In at least 30 states, shelter-in-place orders have forced factory shutdowns.
“About a week ago our factory in Michigan had to shut down, because of a local state order,” Jim Keane, CEO of Michigan-based office manufacturing giant Steelcase, said. “We continue to make product in Alabama. Our California plants had to shut down. Our Texas plants are also facing local restrictions.”
In the last couple weeks, regional manufacturing indices in Texas, New York and Philadelphia have plummeted. But the national picture is still emerging.
“We have no point of reference,” Rubeela Farooqi, chief U.S. economist at High Frequency Economics, said. “I’m forecasting everything, but I have much less confidence in all the estimates I’m putting out there. You know, we haven’t been in a situation like this.”
She says it could take three to six months of data to understand the pain in the factory economy, and when it might bounce back. Still, manufacturing may be faring better than a service sector now flat on its back.
“Industrial companies are generally not on the front lines of the localized disruptions,” said Karen Harris, macro trends managing director at Bain and Co., “compared to high-touch consumer businesses like hotels and retail.”
To her, the silver lining is how American factories are showing flexibility in this crisis. Several U.S. automakers, for instance, have begun the process to produce ventilators for hospitals.
And at Steelcase, business is already changing, according to Keane.
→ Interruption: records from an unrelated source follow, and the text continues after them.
(* Let $I=[a,b]$, $a=x_0<x_1<\cdots<x_N=b$, $I_n=[x_{n-1},x_n]$, $Y_0,\dots,Y_N\in\mathcal{K}(\mathbb{R})$, and let $L_n,\Omega_n$ ($n=1,\dots,N$) be as follows: $L_n:I\to I_n$ is a homeomorphism with $L_n(x_0)=x_{n-1}$, $L_n(x_N)=x_n$, $|L_n(x)-L_n(y)|\le\gamma_n|x-y|$ with $0<\gamma_n<1$; $\Omega_n:I\times\mathcal{K}(\mathbb{R})\to\mathcal{K}(\mathbb{R})$ is continuous with $\Omega_n(x_0,Y_0)=Y_{n-1}$, $\Omega_n(x_N,Y_N)=Y_n$ and $\mathfrak{H}(\Omega_n(x,Y),\Omega_n(x,Y_* ))\le\phi_n(\mathfrak{H}(Y,Y_* ))$ with $\phi_n:\mathbb{R}_+\to\mathbb{R}_+$ increasing and $\phi_n(t)/t<1$ decreasing for $t>0$. Let $\mathcal{J}$ be the IFS $\{I\times\mathcal{K}(\mathbb{R});\mathcal{W}_n(x,Y)=(L_n(x),\Omega_n(x,Y)),\ n=1,\dots,N\}$ with attractor the graph $\mathcal{G}_*(f)$ of the associated continuous fractal function $f:I\to\mathcal{K}(\mathbb{R})$. Let $p=(p_n)$ and $\tilde p=(\tilde p_n)$ be probability vectors with $p\ne\tilde p$, and let $\mu_p,\mu_{\tilde p}$ be the Borel probability measures on $\mathcal{G}_*(f)$ with $\mu_p=\sum_n p_n\mu_p\circ\mathcal{W}_n^{-1}$ and $\mu_{\tilde p}=\sum_n\tilde p_n\mu_{\tilde p}\circ\mathcal{W}_n^{-1}$. Then $\mu_p$ and $\mu_{\tilde p}$ are mutually singular.
   Context: $\mathcal{K}(\mathbb{R})$: non-empty compact subsets of $\mathbb{R}$ with Hausdorff distance $\mathfrak{H}$; $I\times\mathcal{K}(\mathbb{R})$ has metric $d((x,Y),(x_*,Y_* ))=|x-x_*|+\mathfrak{H}(Y,Y_* )$. The fractal function $f$ is the unique continuous $f:I\to\mathcal{K}(\mathbb{R})$ with $f(x_n)=Y_n$ and $f(x)=\Omega_n(L_n^{-1}(x),f(L_n^{-1}(x)))$ for $x\in I_n$; $\mathcal{G}_*(f)=\{(x,f(x)):x\in I\}$. *)

From HB Require Import structures.
From mathcomp Require Import all_boot all_order all_algebra.
From mathcomp Require Import all_classical all_reals all_analysis.
Set Implicit Arguments. Unset Strict Implicit. Unset Printing Implicit Defensive.
Import Order.TTheory GRing.Theory Num.Theory.
Import numFieldNormedType.Exports.
Local Open Scope classical_set_scope.
Local Open Scope ring_scope.
(* Let $m>0$. There is a unique $R^*>m/2$ satisfying $$\log\sqrt{\frac{2R^*}{m}}=\frac{2R^*+m}{2R^*-m},$$ and the annular domain $\Sigma_0(R)=\Sigma_0\cap\{|x|\le R\}$ of the plane through the origin is stable (i.e. $Q(u,u)\ge 0$ for every smooth $u$ on $\Sigma_0(R)$ vanishing on $\{|x|=R\}$) if and only if $m/2<R\le R^*$; that is, $\Sigma_0(R^* )$ is the maximal annular domain of stability containing the horizon. (Numerically $R^*\approx 5.5\,m$.)
   Context: For $m>0$ let $M=\{x\in\mathbb R^3: |x|\ge m/2\}$ with metric $g=(1+\frac{m}{2|x|})^4\delta$, $\delta$ the Euclidean metric, and $\Sigma_0=\{x\in M:x_3=0\}$; $|x|$ denotes the Euclidean norm. For smooth $u$ on $\Sigma_0(R)$, since $\Sigma_0$ and $\partial M$ are totally geodesic, the second variation of $g$-area for variations tangential along $\partial M$ is $Q(u,u)=\int_{\Sigma_0(R)}\big(|\nabla_g u|_g^2-\mathrm{Ric}_g(N,N)u^2\big)dA_g$, with $N$ a unit normal to $\Sigma_0$. *)

From Stdlib Require Import Reals Lra ClassicalEpsilon.
Open Scope R_scope.

(** Points of R^3 are functions nat -> R; only coordinates 0,1,2 are used
    (coordinate 2 is x_3). *)
Definition pt := nat -> R.

Definition shift (x : pt) (i : nat) (t : R) : pt :=
  fun k => if Nat.eqb k i then x k + t else x k.
(* Suppose $A,B,C\subset\mathcal R$ are adjacent zones in that order (i.e. $A$ and $B$ are adjacent, $B$ and $C$ are adjacent, and $B$ lies between $A$ and $C$), and that $A$ and $C$ are closed. Then $A\cup B\cup C$ is closed.
   Context: Let $\mathcal R$ be the set of germs at $0$ of analytic arcs $\{x=\alpha(y),\ y\ge 0\}$ in the closed upper half-plane of $\mathbb R^2$, where $\alpha$ is given by a convergent Puiseux series with positive rational exponents. The order $\mathcal O(\gamma)$ of a Puiseux series is the smallest exponent with nonzero coefficient ($\mathcal O(0)=+\infty$). Write $\alpha<\beta$ if $\alpha(y)<\beta(y)$ for all sufficiently small $y>0$. A subset $A\subset\mathcal R$ is a zone (connected) if $\alpha,\beta\in A$, $\alpha<\gamma<\beta$, $\gamma\in\mathcal R$ imply $\gamma\in A$. Distance $d(\alpha,\beta)=1/\mathcal O(\alpha-\beta)$ (with $1/\infty=0$); width $w(A)=\sup\{d(\alpha,\beta):\alpha,\beta\in A\}$. A zone is closed if there exist $\alpha,\beta\in A$ with $d(\alpha,\beta)=w(A)$, and open otherwise. Two zones $A,B$ are adjacent if $A\cup B$ is connected and $A\cap B=\emptyset$. *)

From Stdlib Require Import Reals Lra ClassicalEpsilon.
From Coquelicot Require Import Coquelicot.
Open Scope R_scope.

Definition expo (n k : nat) : R := INR (S k) / INR (S n).

(* A representation of a convergent Puiseux series with positive rational
   exponents:  alpha(y) = sum_{k>=0} coef k * y^((k+1)/(den+1)),
   absolutely convergent for some radius rho > 0. *)
Record arc := mkArc {
  den : nat;
  coef : nat -> R;
  conv : exists rho, 0 < rho /\
           ex_series (fun k => Rabs (coef k) * Rpower rho (expo den k))
}.

Definition eval (a : arc) (y : R) : R :=
  Series (fun k => coef a k * Rpower y (expo (den a) k)).

Definition germ_eq (a b : arc) : Prop :=
  exists eps, 0 < eps /\ forall y, 0 < y < eps -> eval a y = eval b y.

(* a predicate on representations that is a set of germs *)
Definition saturated (A : arc -> Prop) : Prop :=
  forall a b, germ_eq a b -> A a -> A b.

Definition coef_at (a : arc) (r : R) : R :=
  match excluded_middle_informative (exists k, r = expo (den a) k) with
  | left H => coef a (proj1_sig (constructive_indefinite_description _ H))
  | right _ => 0
  end.

Definition ord_is (a b : arc) (r : R) : Prop :=
  coef_at a r - coef_at b r <> 0 /\
  forall s, s < r -> coef_at a s - coef_at b s = 0.

(* d(a,b) = 1 / O(a - b), with 1/oo = 0 *)
Definition dist (a b : arc) : R :=
  match excluded_middle_informative (exists r, ord_is a b r) with
  | left H => / proj1_sig (constructive_indefinite_description _ H)
  | right _ => 0
  end.

Definition arc_lt (a b : arc) : Prop :=
  exists eps, 0 < eps /\ forall y, 0 < y < eps -> eval a y < eval b y.

Definition zone (A : arc -> Prop) : Prop :=
  forall a b g, A a -> A b -> arc_lt a g -> arc_lt g b -> A g.

Definition width (A : arc -> Prop) : Rbar :=
  Lub_Rbar (fun d => exists a b, A a /\ A b /\ d = dist a b).

Definition closed_zone (A : arc -> Prop) : Prop :=
  exists a b, A a /\ A b /\ width A = Finite (dist a b).

Definition adjacent (A B : arc -> Prop) : Prop :=
  zone (fun g => A g \/ B g) /\ (forall g, A g -> B g -> False).

Definition between (A B C : arc -> Prop) : Prop :=
  forall a b c, A a -> B b -> C c -> arc_lt a b /\ arc_lt b c.

(* The distance is an ultrametric, and near 0 the sign of a - b is the sign of
   its leading coefficient.  Hence an arc x strictly between a and c is no
   closer to a than c is: otherwise a and c would agree beyond the order of
   x - a, and x would lie on the same side of both.  Fixing a in A and c in C,
   every arc of A, B or C is then within max (w(A), w(C), d(a, c)) of a, so by
   the ultrametric inequality this maximum is the width of A ∪ B ∪ C, and it is
   attained because each of its three candidates is. *)
From Pilot Require Import Defs.
From Stdlib Require Import Reals.
From Coquelicot Require Import Coquelicot.
From Stdlib Require Import Lra Lia Classical ClassicalEpsilon.
From Stdlib Require Wf_nat.
Open Scope R_scope.

Definition lat (N j : nat) : R := INR j / INR N.
(* For all graphs $G$ and $H$: (i) $\max\{\gamma^{SLD}(G),\gamma^{SLD}(H)\}\le\gamma^{SLD}(G\,\square\, H)\le\min\{|V(H)|\,\gamma^{SLD}(G),\ |V(G)|\,\gamma^{SLD}(H)\}$; (ii) $\max\{\gamma^{DLD}(G),\gamma^{DLD}(H)\}\le\gamma^{DLD}(G\,\square\, H)\le\min\{|V(H)|\,\gamma^{DLD}(G),\ |V(G)|\,\gamma^{DLD}(H)\}$.
   Context: All graphs are finite, simple and undirected (not necessarily connected). For a vertex $u$, $N(u)$ is its set of neighbours and $N[u]=N(u)\cup\{u\}$. A code is a non-empty subset $C$ of the vertex set $V$; $I(C;u)=N[u]\cap C$. A code $C$ is self-locating-dominating if for every $u\in V\setminus C$ we have $I(C;u)\neq\emptyset$ and $\bigcap_{c\in I(C;u)}N[c]=\{u\}$. A code $C$ is solid-locating-dominating if $I(C;u)\ne\emptyset$ for every $u\in V\setminus C$ and $I(C;u)\not\subseteq I(C;v)$ for all distinct $u,v\in V\setminus C$. $\gamma^{SLD}$ and $\gamma^{DLD}$ denote the minimum sizes of such codes. The Cartesian product $G\square H$ has vertex set $V(G)\times V(H)$, with $(u,v)$ adjacent to $(u',v')$ iff either $u=u'$ and $vv'\in E(H)$, or $uu'\in E(G)$ and $v=v'$. *)

From mathcomp Require Import all_boot all_order.
Set Implicit Arguments. Unset Strict Implicit. Unset Printing Implicit Defensive.

(* A finite simple graph: vertex type T : finType with an adjacency relation
   e that is symmetric and irreflexive (hypotheses given in the theorem). *)

Definition cnbhd (T : finType) (e : rel T) (u : T) : {set T} :=
  [set v | (v == u) || e u v].

Definition Icode (T : finType) (e : rel T) (C : {set T}) (u : T) : {set T} :=
  cnbhd e u :&: C.

Definition is_SLD (T : finType) (e : rel T) (C : {set T}) : bool :=
  (C != set0) &&
  [forall u, (u \notin C) ==>
     ((Icode e C u != set0) &&
      ((\bigcap_(c in Icode e C u) cnbhd e c) == [set u]))].

Definition is_DLD (T : finType) (e : rel T) (C : {set T}) : bool :=
  (C != set0) &&
  [forall u, (u \notin C) ==> (Icode e C u != set0)] &&
  [forall u, forall v, ((u \notin C) && (v \notin C) && (u != v)) ==>
     ~~ (Icode e C u \subset Icode e C v)].

(* minimum size of a code satisfying P (V itself is always an SLD/DLD code
   when V is nonempty, so the default #|T| is never the binding value then) *)
Definition min_code (T : finType) (P : {set T} -> bool) : nat :=
  \big[minn/#|T|]_(C : {set T} | P C) #|C|.

Definition gammaSLD (T : finType) (e : rel T) : nat := min_code (is_SLD e).
Definition gammaDLD (T : finType) (e : rel T) : nat := min_code (is_DLD e).

Definition cart_rel (T U : finType) (eG : rel T) (eH : rel U) : rel (T * U) :=
  fun x y => ((x.1 == y.1) && eH x.2 y.2) || (eG x.1 y.1 && (x.2 == y.2)).

(* A closed neighbourhood of G □ H is N[(c,d)] = {c} x N[d] ∪ N[c] x {d}, so
   every row G x {v} is a copy of G, and a vertex (u,v) whose first coordinate
   lies outside the first projection of a code D meets D only inside its own
   row. Hence a code C of G lifts to the code C x V(H) of G □ H, and the first
   projection of a code of G □ H is a code of G; this gives the bounds in terms
   of G. Those in terms of H follow because G □ H ≅ H □ G and the code numbers
   are isomorphism invariants. *)
From mathcomp Require Import all_boot all_order.
Set Implicit Arguments. Unset Strict Implicit. Unset Printing Implicit Defensive.

Lemma min_code_le (T : finType) (P : pred {set T}) C : P C -> min_code P <= #|C|.
Proof.
move=> PC; rewrite /min_code -big_filter.
have : C \in [seq X <- index_enum {set T} | P X] by rewrite mem_filter PC mem_index_enum.
elim: [seq _ <- _ | _] => //= C' s IHs; rewrite big_cons inE => /orP[/eqP<-|/IHs].
  exact: geq_minl.
exact: leq_trans (geq_minr _ _).
Qed.

Lemma min_code_ex (T : finType) (P : pred {set T}) :
  P setT -> exists2 C, P C & min_code P = #|C|.
Proof.
move=> PT; case: (arg_minnP (fun C : {set T} => #|C|) PT) => C PC Cmin.
exists C => //; apply/eqP; rewrite eqn_leq min_code_le //=.
apply: (big_ind (fun n => #|C| <= n)) => [||//]; first exact: max_card.
by move=> m n Cm Cn; rewrite leq_min Cm.
Qed.

Lemma leq_min_code_map (T T' : finType) (P : pred {set T}) (Q : pred {set T'})
    (F : {set T} -> {set T'}) k :
  P setT -> (forall C, P C -> Q (F C)) -> (forall C, #|F C| <= k * #|C|) ->
  min_code Q <= k * min_code P.
Proof.
move=> PT PQ cardF; have [C PC ->] := min_code_ex PT.
exact: leq_trans (min_code_le (PQ C PC)) (cardF C).
Qed.

Lemma leq_min_code_map1 (T T' : finType) (P : pred {set T}) (Q : pred {set T'})
    (F : {set T} -> {set T'}) :
  P setT -> (forall C, P C -> Q (F C)) -> (forall C, #|F C| <= #|C|) ->
  min_code Q <= min_code P.
Proof.
move=> PT PQ cardF; rewrite -(mul1n (min_code P)).
by apply: leq_min_code_map PT PQ _ => C; rewrite mul1n.
Qed.

Section Codes.
Variables (T : finType) (e : rel T).

Definition dominating (C : {set T}) :=
  forall u, u \notin C -> exists2 c, c \in C & c \in cnbhd e u.

(* For symmetric [e] the inclusion {u} ⊆ ⋂ N[c] is automatic, so only the
   converse inclusion is recorded. *)
Definition self_locating (C : {set T}) :=
  [/\ C != set0, dominating C &
      forall u x, u \notin C ->
        {in C, forall c, c \in cnbhd e u -> x \in cnbhd e c} -> x = u].

Definition solid_locating (C : {set T}) :=
  [/\ C != set0, dominating C &
      forall u w, u \notin C -> w \notin C -> u != w ->
        exists2 c, c \in C & (c \in cnbhd e u) && (c \notin cnbhd e w)].

Lemma cnbhd_refl u : u \in cnbhd e u.
Proof. by rewrite inE eqxx. Qed.

Lemma mem_Icode (C : {set T}) u c : (c \in Icode e C u) = (c \in C) && (c \in cnbhd e u).
Proof. by rewrite in_setI andbC. Qed.

Lemma Icode_neq0P (C : {set T}) u :
  reflect (exists2 c, c \in C & c \in cnbhd e u) (Icode e C u != set0).
Proof.
apply: (iffP (set0Pn _)) => [[c]|[c cC cu]]; last by exists c; rewrite mem_Icode cC.
by rewrite mem_Icode => /andP[]; exists c.
Qed.

Lemma is_SLDP C : symmetric e -> reflect (self_locating C) (is_SLD e C).
Proof.
move=> sym_e; have mem_cnbhdC u c : (u \in cnbhd e c) = (c \in cnbhd e u).
  by rewrite !inE eq_sym sym_e.
apply: (iffP andP) => [[C0 /forallP codeC]|[C0 domC sepC]].
  have code u : u \notin C -> _ := implyP (codeC u).
  split=> // [u /code/andP[/Icode_neq0P] //|u x /code/andP[_ /eqP capE] xN].
  apply/set1P; rewrite -capE; apply/bigcapP => c; rewrite mem_Icode => /andP[].
  exact: xN.
split=> //; apply/forallP => u; apply/implyP => uC.
rewrite (introT (Icode_neq0P _ _) (domC u uC)); apply/eqP/setP => x; rewrite inE.
apply/bigcapP/eqP => [xN|->{x} c]; last by rewrite mem_Icode mem_cnbhdC => /andP[].
by apply: sepC uC _ => c cC cu; apply: xN; rewrite mem_Icode cC.
Qed.

Lemma is_DLDP C : reflect (solid_locating C) (is_DLD e C).
Proof.
apply: (iffP andP) => [[/andP[C0 /forallP domC] /forallP sepC]|[C0 domC sepC]].
  split=> // [u /(implyP (domC u))/Icode_neq0P //|u w uC wC uw].
  have /subsetPn[c] : ~~ (Icode e C u \subset Icode e C w).
    by apply: (implyP (forallP (sepC u) w)); rewrite uC wC uw.
  by rewrite !mem_Icode => /andP[cC cu]; rewrite cC /= => cw; exists c; rewrite ?cu.
split; first (apply/andP; split=> //; apply/forallP => u; apply/implyP => uC).
  exact/Icode_neq0P/domC.
apply/forallP => u; apply/forallP => w; apply/implyP => /andP[/andP[uC wC] uw].
have [c cC /andP[cu cw]] := sepC u w uC wC uw.
by apply/subsetPn; exists c; rewrite !mem_Icode cC // (negbTE cw).
Qed.

Lemma is_SLD_setT : #|T| > 0 -> is_SLD e setT.
Proof.
case/card_gt0P=> x _; apply/andP; split; last by apply/forallP => u; rewrite inE.
by apply/set0Pn; exists x; rewrite inE.
Qed.

Lemma is_DLD_setT : #|T| > 0 -> is_DLD e setT.
Proof.
case/card_gt0P=> x _; apply/andP; split; [apply/andP; split|].
- by apply/set0Pn; exists x; rewrite inE.
- by apply/forallP => u; rewrite inE.
- by apply/forallP => u; apply/forallP => w; rewrite inE.
Qed.

End Codes.

Section Isomorphism.
Variables (T T' : finType) (e : rel T) (e' : rel T') (f : T -> T').
Hypotheses (f_bij : bijective f) (f_edge : forall x y, e' (f x) (f y) = e x y).

Let f_inj : injective f := bij_inj f_bij.

Lemma mem_cnbhd_iso x y : (f x \in cnbhd e' (f y)) = (x \in cnbhd e y).
Proof. by rewrite !inE (inj_eq f_inj) f_edge. Qed.

Lemma forall_iso (P : T' -> Prop) : (forall x, P (f x)) -> forall x', P x'.
Proof. by case: f_bij => g _ gK Pf x'; rewrite -[x']gK. Qed.

Lemma dominating_iso C : dominating e C -> dominating e' (f @: C).
Proof.
move=> domC; apply: forall_iso => u; rewrite mem_imset // => /domC[c cC cu].
by exists (f c); rewrite ?imset_f ?mem_cnbhd_iso.
Qed.

Lemma self_locating_iso C : self_locating e C -> self_locating e' (f @: C).
Proof.
case=> C0 domC sepC; split; [by rewrite imset_eq0 | exact: dominating_iso |].
apply: forall_iso => u; apply: forall_iso => x; rewrite mem_imset // => uC xN.
congr f; apply: sepC uC _ => c cC cu; rewrite -mem_cnbhd_iso.
by apply: xN; rewrite ?imset_f ?mem_cnbhd_iso.
Qed.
Customers are requesting office equipment with more safety and distance barriers, along with video chat-friendly design.
“As we come out of this crisis, we will emerge into a new normal, where people will have different sensibilities about infection control and so on,” Keane said. “And that’ll affect the way we live, and that’ll affect the way we work.”
Keane compared the coming change to the post-9/11 world, saying life will be different and factories will adjust.
That is, factories that survive the shakeout.